EXERCISE MATERIALS section start

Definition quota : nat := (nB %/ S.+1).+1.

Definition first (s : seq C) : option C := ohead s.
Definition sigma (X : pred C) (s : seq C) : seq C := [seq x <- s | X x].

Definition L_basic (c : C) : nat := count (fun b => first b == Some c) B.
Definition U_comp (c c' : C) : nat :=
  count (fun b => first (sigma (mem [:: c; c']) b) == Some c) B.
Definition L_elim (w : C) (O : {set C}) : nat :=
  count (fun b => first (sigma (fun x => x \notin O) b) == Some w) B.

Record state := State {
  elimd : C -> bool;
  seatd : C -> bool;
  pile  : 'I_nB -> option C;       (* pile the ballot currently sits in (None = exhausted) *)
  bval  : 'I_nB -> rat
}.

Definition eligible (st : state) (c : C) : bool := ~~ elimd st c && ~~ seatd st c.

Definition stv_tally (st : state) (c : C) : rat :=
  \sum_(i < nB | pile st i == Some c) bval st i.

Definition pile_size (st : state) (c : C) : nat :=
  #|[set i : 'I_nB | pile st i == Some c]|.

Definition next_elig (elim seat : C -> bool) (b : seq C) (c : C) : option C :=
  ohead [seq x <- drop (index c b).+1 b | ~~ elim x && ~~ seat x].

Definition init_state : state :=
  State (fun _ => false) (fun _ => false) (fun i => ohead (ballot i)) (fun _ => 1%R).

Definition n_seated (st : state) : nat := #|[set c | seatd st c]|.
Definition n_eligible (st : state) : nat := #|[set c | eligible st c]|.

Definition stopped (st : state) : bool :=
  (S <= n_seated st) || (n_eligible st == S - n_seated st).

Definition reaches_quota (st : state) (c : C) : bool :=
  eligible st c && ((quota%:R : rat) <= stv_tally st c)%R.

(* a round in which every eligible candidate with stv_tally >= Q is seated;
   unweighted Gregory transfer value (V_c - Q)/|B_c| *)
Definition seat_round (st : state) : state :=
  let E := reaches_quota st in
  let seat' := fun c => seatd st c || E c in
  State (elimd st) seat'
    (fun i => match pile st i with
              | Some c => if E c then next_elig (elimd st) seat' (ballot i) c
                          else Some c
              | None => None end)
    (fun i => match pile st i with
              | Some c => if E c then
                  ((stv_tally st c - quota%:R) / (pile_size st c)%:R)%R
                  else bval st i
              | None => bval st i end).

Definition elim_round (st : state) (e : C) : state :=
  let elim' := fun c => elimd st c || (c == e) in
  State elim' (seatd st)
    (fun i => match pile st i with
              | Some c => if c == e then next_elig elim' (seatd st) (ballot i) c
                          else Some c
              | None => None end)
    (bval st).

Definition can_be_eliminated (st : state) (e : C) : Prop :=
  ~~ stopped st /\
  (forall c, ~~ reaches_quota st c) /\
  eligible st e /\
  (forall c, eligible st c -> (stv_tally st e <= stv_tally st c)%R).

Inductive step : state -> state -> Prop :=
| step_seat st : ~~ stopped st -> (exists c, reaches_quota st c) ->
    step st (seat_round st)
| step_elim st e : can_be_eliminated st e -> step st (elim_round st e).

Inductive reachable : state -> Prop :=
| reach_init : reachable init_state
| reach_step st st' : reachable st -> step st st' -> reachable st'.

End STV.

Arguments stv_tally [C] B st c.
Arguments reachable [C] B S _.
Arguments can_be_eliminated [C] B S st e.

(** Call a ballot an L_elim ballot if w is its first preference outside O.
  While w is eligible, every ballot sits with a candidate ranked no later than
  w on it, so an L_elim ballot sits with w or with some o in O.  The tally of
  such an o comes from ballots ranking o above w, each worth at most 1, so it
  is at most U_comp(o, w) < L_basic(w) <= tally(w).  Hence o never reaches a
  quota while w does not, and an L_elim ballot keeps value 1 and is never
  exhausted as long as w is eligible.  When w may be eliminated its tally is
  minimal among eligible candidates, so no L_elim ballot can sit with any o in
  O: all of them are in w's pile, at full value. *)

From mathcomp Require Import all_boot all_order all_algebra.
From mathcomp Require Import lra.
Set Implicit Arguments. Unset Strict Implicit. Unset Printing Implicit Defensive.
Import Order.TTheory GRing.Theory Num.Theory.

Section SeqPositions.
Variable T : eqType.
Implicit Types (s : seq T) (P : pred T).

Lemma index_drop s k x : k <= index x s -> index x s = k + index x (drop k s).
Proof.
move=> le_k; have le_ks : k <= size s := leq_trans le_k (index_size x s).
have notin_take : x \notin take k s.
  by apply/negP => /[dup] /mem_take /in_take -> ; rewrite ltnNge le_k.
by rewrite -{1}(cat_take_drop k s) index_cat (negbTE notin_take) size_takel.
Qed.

EXERCISE MATERIALS section end
EXERCISE MATERIALS section start

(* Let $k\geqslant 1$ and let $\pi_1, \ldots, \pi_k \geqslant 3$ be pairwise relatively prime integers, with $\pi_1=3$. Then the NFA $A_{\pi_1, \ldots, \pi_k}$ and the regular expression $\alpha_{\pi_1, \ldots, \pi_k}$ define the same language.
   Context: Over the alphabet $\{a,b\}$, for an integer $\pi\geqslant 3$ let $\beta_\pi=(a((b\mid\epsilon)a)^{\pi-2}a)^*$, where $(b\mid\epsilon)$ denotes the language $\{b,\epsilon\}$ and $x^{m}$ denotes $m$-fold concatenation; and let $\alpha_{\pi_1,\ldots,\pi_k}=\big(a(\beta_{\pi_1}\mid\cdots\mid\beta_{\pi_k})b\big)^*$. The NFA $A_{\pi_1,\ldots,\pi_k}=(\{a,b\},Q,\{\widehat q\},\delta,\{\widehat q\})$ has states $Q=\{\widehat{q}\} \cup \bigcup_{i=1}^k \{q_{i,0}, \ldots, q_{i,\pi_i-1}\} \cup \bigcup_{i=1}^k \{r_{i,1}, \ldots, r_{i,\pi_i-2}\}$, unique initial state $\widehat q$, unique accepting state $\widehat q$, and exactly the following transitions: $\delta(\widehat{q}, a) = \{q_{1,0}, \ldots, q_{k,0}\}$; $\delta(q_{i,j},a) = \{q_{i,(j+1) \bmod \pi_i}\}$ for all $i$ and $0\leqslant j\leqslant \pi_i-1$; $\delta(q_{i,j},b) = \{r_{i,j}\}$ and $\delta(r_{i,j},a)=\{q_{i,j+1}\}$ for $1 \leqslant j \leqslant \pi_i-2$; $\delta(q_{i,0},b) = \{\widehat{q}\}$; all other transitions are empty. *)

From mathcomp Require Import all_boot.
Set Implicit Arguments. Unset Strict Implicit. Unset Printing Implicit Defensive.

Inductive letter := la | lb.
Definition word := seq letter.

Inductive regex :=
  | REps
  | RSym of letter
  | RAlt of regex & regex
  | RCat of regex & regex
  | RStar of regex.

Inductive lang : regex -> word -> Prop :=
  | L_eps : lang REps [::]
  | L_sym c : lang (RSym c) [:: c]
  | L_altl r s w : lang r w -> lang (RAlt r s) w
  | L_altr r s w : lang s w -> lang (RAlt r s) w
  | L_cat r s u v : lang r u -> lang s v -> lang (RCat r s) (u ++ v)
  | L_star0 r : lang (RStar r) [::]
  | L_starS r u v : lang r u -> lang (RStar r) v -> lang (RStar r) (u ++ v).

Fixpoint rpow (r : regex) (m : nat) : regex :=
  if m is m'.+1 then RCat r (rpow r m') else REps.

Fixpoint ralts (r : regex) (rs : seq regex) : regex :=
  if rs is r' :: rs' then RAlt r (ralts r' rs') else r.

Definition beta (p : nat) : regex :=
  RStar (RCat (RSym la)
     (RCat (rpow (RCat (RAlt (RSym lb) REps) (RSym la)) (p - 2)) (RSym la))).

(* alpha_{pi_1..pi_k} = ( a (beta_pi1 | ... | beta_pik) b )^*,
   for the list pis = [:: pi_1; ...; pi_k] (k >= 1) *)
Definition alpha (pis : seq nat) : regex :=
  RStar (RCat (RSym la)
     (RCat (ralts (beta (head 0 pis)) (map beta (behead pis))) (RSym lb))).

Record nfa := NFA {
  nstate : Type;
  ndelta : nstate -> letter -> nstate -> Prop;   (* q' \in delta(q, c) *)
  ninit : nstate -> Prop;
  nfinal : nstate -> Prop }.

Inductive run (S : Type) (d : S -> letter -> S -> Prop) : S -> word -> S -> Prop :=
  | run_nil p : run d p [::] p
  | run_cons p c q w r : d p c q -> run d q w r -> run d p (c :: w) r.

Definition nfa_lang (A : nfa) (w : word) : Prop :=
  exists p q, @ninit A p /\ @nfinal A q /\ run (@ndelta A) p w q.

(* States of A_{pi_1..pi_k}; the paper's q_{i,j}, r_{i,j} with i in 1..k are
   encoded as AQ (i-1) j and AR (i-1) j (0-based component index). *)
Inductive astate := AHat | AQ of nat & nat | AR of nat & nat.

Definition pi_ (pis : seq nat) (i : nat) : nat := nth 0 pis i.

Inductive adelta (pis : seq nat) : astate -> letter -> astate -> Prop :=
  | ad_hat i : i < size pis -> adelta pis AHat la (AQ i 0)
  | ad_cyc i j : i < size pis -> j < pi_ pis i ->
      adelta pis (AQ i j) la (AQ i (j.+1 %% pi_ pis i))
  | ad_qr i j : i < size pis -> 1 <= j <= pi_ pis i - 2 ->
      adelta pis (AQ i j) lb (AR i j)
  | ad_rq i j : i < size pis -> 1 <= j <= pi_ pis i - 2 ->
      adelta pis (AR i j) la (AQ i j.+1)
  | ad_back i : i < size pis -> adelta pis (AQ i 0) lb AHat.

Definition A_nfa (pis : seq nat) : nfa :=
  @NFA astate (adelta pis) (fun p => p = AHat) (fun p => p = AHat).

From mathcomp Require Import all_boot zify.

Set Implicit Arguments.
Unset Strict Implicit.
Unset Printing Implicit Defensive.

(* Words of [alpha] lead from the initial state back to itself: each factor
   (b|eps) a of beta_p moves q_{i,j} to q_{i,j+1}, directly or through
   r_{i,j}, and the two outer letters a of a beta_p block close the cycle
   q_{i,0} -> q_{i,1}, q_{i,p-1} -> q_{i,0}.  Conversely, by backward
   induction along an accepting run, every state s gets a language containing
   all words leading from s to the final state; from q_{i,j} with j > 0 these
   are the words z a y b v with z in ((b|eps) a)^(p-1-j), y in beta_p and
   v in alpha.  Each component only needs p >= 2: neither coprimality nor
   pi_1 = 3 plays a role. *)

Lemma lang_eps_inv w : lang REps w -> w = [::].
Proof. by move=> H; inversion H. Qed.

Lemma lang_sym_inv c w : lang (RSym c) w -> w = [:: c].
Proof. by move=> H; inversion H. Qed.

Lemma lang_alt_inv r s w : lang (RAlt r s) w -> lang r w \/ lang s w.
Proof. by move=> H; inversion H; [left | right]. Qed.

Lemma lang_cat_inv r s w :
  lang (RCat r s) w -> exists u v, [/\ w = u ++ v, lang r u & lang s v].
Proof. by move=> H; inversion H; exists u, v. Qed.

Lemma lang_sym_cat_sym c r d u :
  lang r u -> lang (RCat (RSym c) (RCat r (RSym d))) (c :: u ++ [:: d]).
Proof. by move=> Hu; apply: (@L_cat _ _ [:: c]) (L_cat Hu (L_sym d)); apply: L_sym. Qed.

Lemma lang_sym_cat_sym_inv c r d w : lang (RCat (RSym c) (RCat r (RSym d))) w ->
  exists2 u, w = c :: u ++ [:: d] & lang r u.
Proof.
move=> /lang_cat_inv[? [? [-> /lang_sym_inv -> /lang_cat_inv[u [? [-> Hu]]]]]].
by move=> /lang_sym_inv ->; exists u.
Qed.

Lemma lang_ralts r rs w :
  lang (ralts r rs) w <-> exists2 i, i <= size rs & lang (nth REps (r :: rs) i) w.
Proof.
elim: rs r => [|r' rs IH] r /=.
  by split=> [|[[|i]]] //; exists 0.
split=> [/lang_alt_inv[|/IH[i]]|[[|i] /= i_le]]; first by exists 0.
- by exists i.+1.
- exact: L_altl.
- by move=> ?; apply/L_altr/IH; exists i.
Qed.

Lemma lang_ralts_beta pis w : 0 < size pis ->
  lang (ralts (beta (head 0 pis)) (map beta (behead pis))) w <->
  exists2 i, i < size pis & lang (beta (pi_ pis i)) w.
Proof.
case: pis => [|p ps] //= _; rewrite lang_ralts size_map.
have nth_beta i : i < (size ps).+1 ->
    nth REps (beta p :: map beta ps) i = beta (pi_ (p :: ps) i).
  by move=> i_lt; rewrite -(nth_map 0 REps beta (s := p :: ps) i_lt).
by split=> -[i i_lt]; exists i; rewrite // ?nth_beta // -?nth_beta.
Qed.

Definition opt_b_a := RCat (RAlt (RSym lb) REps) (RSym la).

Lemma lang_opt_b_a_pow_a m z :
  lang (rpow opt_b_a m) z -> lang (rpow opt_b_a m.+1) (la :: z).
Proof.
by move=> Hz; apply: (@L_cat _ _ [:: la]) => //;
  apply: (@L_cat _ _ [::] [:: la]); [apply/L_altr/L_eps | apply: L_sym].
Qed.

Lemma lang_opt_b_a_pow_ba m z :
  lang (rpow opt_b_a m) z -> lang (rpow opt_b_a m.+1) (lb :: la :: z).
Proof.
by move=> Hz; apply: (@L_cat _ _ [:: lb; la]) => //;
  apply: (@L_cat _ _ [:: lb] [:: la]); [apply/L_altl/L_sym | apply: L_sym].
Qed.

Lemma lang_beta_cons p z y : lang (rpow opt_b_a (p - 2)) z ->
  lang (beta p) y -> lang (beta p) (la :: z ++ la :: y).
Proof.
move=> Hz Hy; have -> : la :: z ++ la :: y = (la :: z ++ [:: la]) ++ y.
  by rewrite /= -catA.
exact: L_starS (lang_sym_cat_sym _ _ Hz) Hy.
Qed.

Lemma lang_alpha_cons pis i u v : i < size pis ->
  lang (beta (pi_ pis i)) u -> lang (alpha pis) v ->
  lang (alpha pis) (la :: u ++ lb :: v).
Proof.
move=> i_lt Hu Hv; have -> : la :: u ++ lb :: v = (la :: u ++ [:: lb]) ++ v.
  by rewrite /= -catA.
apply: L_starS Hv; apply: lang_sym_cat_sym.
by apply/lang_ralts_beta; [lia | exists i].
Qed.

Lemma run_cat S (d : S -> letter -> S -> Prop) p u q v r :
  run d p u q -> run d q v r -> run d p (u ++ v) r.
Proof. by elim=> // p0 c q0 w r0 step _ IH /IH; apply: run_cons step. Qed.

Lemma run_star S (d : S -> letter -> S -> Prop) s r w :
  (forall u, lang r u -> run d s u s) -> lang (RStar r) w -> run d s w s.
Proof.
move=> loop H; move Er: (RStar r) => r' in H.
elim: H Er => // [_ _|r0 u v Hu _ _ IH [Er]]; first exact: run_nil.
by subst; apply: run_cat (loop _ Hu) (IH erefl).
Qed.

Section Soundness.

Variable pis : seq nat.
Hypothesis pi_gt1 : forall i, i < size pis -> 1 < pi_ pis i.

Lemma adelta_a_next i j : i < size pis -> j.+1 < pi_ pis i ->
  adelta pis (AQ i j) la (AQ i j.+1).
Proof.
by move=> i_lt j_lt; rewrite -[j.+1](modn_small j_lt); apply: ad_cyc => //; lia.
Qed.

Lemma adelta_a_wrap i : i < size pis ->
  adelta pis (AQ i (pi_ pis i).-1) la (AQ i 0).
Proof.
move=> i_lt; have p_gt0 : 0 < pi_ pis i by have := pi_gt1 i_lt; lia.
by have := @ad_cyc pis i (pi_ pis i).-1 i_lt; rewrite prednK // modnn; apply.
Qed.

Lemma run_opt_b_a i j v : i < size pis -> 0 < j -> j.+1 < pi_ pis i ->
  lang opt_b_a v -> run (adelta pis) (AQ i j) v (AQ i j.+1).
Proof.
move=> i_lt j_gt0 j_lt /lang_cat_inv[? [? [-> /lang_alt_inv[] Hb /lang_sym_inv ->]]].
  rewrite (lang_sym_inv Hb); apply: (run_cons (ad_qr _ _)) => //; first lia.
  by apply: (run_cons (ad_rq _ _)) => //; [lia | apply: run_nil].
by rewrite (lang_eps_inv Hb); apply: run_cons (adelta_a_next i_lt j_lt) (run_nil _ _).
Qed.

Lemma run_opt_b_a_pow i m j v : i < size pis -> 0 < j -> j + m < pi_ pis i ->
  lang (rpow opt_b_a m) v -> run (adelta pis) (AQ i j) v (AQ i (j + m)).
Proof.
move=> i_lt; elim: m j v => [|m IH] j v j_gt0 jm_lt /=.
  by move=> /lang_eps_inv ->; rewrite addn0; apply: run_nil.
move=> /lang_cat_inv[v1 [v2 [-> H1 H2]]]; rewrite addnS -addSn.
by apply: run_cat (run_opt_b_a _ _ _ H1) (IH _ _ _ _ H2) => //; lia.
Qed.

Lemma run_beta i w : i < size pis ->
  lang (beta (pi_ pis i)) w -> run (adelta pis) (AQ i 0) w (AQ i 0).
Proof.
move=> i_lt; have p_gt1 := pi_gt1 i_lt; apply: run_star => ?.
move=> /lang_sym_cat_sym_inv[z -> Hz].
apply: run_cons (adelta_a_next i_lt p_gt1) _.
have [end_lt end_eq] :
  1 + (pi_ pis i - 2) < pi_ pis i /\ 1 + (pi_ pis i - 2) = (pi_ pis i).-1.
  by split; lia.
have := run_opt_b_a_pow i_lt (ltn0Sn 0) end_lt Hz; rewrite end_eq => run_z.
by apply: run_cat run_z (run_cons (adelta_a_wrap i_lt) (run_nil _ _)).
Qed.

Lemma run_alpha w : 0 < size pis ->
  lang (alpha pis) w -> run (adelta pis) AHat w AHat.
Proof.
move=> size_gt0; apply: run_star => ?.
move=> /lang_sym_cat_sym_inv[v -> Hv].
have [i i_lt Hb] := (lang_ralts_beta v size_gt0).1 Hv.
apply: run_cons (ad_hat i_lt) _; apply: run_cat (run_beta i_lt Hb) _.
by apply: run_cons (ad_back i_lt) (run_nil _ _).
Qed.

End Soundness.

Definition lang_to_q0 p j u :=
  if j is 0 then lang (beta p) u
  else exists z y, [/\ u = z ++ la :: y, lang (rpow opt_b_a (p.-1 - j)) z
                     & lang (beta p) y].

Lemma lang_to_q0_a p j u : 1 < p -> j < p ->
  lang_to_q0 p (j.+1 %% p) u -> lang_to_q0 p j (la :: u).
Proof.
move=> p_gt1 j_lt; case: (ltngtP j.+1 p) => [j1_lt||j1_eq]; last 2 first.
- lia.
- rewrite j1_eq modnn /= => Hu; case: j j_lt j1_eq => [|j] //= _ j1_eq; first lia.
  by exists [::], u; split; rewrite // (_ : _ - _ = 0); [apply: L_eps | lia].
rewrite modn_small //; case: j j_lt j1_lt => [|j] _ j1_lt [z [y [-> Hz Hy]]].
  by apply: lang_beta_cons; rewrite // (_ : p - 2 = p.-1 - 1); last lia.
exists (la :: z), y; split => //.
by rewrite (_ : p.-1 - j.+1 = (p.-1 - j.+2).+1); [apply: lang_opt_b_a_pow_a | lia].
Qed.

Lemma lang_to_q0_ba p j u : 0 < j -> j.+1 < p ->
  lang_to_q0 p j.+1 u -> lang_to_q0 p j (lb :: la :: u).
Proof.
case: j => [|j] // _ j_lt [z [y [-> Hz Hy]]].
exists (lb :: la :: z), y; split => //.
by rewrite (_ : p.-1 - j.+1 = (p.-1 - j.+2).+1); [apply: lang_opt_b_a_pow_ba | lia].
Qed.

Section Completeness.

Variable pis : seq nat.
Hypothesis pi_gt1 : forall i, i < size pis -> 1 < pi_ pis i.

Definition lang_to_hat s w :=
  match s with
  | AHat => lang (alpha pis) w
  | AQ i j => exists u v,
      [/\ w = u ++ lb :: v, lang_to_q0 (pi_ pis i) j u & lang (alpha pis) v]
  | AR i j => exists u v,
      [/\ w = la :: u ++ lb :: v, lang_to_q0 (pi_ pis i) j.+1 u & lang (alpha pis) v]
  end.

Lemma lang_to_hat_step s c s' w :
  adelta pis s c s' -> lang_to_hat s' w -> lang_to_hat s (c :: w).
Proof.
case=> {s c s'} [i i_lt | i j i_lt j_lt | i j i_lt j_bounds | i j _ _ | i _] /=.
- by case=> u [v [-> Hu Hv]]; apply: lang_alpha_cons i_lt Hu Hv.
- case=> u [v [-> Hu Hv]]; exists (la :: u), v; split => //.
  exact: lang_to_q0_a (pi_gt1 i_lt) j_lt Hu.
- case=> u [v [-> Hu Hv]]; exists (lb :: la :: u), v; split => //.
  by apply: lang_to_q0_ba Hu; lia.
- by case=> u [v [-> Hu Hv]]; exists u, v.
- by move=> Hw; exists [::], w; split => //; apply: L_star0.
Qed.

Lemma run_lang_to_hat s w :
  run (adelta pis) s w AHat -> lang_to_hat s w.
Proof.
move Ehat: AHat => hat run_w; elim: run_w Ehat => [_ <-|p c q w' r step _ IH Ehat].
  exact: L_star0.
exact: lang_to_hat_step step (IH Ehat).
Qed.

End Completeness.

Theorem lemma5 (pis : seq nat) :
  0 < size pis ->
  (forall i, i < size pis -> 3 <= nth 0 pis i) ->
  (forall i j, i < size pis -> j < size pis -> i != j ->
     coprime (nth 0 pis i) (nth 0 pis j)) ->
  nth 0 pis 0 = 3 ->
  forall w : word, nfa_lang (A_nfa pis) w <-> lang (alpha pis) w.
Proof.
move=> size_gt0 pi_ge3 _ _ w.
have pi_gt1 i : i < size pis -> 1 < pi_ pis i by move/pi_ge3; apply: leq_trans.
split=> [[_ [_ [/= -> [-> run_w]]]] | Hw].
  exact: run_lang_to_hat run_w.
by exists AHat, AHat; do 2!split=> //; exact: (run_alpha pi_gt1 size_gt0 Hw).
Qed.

EXERCISE MATERIALS section end
EXERCISE MATERIALS section start

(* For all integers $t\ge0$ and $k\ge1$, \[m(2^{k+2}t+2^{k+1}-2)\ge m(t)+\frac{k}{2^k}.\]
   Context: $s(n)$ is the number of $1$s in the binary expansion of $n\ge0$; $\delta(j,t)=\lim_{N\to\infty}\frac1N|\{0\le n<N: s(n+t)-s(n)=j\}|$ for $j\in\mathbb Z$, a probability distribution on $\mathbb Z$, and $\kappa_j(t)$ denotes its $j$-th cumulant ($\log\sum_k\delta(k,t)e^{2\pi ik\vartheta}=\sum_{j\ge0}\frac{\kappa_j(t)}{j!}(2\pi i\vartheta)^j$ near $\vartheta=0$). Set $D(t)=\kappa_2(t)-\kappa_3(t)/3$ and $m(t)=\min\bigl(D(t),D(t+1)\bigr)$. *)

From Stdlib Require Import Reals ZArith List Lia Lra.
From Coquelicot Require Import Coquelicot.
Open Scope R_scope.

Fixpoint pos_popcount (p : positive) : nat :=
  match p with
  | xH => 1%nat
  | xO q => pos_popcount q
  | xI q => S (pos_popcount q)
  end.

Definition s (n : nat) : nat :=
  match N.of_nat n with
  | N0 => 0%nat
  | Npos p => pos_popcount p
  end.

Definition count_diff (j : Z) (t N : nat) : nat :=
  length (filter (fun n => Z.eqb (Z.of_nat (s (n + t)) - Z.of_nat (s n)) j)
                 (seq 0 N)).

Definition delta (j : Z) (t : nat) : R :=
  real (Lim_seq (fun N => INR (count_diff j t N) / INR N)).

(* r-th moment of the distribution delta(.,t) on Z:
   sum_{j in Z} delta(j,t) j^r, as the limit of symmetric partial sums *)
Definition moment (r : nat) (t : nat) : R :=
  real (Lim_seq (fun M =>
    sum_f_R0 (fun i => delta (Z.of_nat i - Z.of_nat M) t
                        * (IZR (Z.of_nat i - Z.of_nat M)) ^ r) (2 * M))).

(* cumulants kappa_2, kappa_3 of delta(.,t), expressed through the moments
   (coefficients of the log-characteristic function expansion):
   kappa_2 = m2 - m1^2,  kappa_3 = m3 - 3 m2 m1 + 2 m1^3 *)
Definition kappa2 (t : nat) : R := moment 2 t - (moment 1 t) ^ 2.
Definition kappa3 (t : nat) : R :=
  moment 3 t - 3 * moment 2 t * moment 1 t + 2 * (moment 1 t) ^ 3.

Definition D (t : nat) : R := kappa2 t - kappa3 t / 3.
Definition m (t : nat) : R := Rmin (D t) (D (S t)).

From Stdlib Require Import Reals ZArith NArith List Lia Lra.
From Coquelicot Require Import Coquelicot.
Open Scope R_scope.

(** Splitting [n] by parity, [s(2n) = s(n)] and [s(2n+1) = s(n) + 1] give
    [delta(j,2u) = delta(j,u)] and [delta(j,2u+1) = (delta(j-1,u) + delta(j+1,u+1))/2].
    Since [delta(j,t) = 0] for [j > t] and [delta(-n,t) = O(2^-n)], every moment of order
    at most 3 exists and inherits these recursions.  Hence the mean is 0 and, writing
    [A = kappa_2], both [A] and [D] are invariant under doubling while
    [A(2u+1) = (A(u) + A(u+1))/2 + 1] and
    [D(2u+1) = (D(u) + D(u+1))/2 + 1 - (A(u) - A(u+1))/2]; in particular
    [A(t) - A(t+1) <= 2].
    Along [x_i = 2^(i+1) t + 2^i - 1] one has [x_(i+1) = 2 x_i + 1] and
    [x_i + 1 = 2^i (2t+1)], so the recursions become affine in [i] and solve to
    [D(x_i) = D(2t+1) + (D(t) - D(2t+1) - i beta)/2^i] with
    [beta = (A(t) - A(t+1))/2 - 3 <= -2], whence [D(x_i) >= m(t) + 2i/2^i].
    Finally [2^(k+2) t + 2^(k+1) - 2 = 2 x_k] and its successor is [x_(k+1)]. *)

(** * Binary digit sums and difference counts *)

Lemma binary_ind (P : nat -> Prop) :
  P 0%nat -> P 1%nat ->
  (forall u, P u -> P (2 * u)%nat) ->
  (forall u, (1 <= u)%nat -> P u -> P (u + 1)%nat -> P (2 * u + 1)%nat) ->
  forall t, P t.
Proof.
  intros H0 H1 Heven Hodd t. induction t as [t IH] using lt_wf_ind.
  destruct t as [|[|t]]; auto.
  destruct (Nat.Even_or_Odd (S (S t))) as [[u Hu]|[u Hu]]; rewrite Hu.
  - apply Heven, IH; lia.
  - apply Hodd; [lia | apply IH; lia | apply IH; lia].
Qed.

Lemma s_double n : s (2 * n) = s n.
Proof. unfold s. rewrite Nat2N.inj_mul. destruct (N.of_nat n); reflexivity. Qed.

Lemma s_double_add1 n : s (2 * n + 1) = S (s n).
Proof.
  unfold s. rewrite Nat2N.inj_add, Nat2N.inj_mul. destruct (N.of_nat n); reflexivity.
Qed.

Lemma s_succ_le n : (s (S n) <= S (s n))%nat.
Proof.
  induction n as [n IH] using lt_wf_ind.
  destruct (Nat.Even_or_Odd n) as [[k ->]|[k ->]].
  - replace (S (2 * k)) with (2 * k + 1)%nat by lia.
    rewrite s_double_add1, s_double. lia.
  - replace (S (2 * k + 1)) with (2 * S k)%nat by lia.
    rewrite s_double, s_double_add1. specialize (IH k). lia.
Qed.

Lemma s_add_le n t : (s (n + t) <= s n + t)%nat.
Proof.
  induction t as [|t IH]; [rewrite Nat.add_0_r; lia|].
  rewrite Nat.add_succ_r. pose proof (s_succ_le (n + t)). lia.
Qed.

EXERCISE MATERIALS section end

## TASK ITEM
When you reach the line in the material above that holds "lang opt_b_a v", begin reproducing lines exactly, and stop after the line that holds "rewrite (lang_sym_inv Hb);".

## RESPONSE AREA
  lang opt_b_a v -> run (adelta pis) (AQ i j) v (AQ i j.+1).
Proof.
move=> i_lt j_gt0 j_lt /lang_cat_inv[? [? [-> /lang_alt_inv[] Hb /lang_sym_inv ->]]].
  rewrite (lang_sym_inv Hb); apply: (run_cons (ad_qr _ _)) => //; first lia.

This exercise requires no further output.